» **YOUR ASSIGNMENT**:
Filter these entries so that only lines with the word "chiB" remain.

» **Stored data entries**:
++++++
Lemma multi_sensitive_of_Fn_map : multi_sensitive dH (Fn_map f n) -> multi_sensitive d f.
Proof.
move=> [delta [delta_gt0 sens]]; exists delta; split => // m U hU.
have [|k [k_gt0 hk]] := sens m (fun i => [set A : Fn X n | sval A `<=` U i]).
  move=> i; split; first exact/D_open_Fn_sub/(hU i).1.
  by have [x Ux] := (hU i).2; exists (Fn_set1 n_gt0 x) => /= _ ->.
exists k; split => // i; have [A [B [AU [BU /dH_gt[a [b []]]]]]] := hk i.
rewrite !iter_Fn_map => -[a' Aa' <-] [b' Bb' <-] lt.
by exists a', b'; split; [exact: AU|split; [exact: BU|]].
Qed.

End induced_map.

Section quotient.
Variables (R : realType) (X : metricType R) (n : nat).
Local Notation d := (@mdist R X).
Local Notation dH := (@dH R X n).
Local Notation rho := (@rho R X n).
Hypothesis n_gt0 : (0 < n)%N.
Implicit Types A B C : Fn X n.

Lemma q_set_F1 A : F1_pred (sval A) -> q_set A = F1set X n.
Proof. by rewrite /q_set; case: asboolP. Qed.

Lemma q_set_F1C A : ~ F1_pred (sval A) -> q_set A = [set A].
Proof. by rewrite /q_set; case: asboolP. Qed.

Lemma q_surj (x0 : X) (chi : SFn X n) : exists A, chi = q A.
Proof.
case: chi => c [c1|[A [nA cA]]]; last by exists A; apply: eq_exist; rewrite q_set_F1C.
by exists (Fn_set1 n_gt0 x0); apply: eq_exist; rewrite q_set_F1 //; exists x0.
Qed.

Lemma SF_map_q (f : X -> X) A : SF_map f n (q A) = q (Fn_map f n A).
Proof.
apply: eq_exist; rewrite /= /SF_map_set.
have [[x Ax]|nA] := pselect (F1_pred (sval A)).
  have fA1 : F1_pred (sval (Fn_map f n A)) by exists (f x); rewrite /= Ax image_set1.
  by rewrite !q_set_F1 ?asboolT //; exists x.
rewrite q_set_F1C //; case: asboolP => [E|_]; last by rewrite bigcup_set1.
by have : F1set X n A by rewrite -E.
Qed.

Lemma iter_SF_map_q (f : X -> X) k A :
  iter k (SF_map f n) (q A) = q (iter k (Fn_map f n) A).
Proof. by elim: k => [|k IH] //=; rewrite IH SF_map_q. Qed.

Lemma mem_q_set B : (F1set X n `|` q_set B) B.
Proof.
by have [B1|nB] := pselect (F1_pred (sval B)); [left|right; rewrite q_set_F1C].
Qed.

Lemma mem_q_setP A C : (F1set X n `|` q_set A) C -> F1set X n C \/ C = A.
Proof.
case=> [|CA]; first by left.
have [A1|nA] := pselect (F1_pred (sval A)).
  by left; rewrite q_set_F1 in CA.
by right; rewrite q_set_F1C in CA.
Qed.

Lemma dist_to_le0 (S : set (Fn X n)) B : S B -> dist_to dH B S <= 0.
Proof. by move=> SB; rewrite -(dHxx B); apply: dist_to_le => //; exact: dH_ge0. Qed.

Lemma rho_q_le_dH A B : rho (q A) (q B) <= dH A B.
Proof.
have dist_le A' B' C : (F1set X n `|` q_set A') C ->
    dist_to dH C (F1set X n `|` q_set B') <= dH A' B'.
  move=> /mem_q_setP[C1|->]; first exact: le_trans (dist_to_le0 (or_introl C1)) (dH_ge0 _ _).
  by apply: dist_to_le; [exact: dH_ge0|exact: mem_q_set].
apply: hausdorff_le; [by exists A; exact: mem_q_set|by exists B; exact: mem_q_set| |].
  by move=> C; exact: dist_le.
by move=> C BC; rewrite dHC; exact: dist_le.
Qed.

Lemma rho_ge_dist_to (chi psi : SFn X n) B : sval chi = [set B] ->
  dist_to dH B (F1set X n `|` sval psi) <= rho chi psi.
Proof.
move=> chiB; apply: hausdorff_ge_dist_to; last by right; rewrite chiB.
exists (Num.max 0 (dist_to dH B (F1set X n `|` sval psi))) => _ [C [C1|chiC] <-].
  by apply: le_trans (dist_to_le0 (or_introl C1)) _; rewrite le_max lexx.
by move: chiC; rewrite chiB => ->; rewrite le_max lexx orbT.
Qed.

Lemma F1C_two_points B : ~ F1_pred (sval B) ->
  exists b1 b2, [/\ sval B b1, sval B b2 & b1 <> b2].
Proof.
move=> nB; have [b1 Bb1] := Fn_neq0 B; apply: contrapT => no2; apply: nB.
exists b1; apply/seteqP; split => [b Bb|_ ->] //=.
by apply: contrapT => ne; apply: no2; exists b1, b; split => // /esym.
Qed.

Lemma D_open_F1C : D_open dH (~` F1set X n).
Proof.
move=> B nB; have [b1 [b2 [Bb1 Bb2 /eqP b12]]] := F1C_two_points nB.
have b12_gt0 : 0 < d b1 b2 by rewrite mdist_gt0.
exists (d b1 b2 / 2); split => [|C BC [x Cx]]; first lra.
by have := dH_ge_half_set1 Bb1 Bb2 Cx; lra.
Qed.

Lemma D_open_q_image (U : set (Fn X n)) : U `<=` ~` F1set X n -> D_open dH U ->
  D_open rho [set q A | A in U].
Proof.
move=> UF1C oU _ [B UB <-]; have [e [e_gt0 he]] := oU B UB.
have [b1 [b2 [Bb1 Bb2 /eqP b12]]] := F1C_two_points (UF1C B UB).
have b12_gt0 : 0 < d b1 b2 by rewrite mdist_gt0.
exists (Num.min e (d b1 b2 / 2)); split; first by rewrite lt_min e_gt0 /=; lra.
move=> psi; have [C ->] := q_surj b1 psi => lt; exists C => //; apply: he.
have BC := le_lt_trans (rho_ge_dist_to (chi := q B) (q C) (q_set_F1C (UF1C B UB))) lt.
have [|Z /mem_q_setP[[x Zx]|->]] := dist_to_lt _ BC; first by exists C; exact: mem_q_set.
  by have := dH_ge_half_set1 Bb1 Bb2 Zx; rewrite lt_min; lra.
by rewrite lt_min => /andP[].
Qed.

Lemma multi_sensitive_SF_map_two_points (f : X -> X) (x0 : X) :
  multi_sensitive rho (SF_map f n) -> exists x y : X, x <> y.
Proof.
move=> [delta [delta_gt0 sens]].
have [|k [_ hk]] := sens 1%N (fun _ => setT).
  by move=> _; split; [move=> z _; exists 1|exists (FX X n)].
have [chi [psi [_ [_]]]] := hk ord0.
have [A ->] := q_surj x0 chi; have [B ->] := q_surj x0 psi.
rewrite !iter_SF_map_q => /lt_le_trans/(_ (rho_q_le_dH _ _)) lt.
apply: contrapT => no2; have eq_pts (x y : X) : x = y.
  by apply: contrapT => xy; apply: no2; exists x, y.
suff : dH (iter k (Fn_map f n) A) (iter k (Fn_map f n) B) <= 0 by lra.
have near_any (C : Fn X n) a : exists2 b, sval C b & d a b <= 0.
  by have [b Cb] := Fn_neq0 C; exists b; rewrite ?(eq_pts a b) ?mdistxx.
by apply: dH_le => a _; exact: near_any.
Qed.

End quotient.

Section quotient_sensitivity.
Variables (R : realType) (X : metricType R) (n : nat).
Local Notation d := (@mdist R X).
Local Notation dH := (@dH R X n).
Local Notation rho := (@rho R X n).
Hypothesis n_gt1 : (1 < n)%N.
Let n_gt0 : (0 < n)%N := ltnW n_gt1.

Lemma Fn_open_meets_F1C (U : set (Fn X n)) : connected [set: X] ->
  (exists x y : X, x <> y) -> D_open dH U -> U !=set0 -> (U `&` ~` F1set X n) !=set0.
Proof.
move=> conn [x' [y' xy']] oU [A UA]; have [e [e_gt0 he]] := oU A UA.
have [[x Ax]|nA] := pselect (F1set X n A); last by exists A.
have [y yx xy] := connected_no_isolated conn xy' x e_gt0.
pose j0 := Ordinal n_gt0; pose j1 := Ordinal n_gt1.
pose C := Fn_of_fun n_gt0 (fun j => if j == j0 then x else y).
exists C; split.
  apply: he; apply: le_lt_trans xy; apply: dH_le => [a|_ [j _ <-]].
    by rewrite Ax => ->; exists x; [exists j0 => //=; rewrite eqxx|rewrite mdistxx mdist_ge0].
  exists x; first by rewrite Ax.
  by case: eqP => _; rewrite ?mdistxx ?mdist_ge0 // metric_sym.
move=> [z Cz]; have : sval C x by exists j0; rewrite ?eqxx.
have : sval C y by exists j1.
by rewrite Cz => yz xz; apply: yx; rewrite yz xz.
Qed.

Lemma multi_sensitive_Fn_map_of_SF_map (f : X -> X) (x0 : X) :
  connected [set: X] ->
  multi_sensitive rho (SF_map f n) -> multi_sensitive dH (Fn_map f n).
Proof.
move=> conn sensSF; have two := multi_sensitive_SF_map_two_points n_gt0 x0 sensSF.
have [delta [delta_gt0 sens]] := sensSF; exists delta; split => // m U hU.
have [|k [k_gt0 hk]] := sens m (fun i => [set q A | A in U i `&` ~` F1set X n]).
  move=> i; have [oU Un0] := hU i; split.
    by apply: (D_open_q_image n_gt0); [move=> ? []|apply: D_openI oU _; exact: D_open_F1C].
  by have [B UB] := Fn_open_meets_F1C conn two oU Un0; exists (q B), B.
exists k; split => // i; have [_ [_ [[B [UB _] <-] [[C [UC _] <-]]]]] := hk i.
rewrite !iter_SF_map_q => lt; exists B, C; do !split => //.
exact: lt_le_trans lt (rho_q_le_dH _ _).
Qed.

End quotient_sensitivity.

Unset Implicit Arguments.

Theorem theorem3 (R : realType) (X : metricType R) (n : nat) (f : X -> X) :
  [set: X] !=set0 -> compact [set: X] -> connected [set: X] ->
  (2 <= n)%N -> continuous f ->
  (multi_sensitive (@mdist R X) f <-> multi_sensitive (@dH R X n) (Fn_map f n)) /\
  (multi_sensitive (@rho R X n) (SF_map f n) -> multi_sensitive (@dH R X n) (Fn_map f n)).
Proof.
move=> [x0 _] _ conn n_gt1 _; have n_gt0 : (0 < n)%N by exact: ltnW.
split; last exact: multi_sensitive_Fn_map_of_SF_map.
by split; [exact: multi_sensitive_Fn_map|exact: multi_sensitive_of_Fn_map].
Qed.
++++++
» **THE ANSWER**:
move=> chiB; apply: hausdorff_ge_dist_to; last by right; rewrite chiB.
by move: chiC; rewrite chiB => ->; rewrite le_max lexx orbT.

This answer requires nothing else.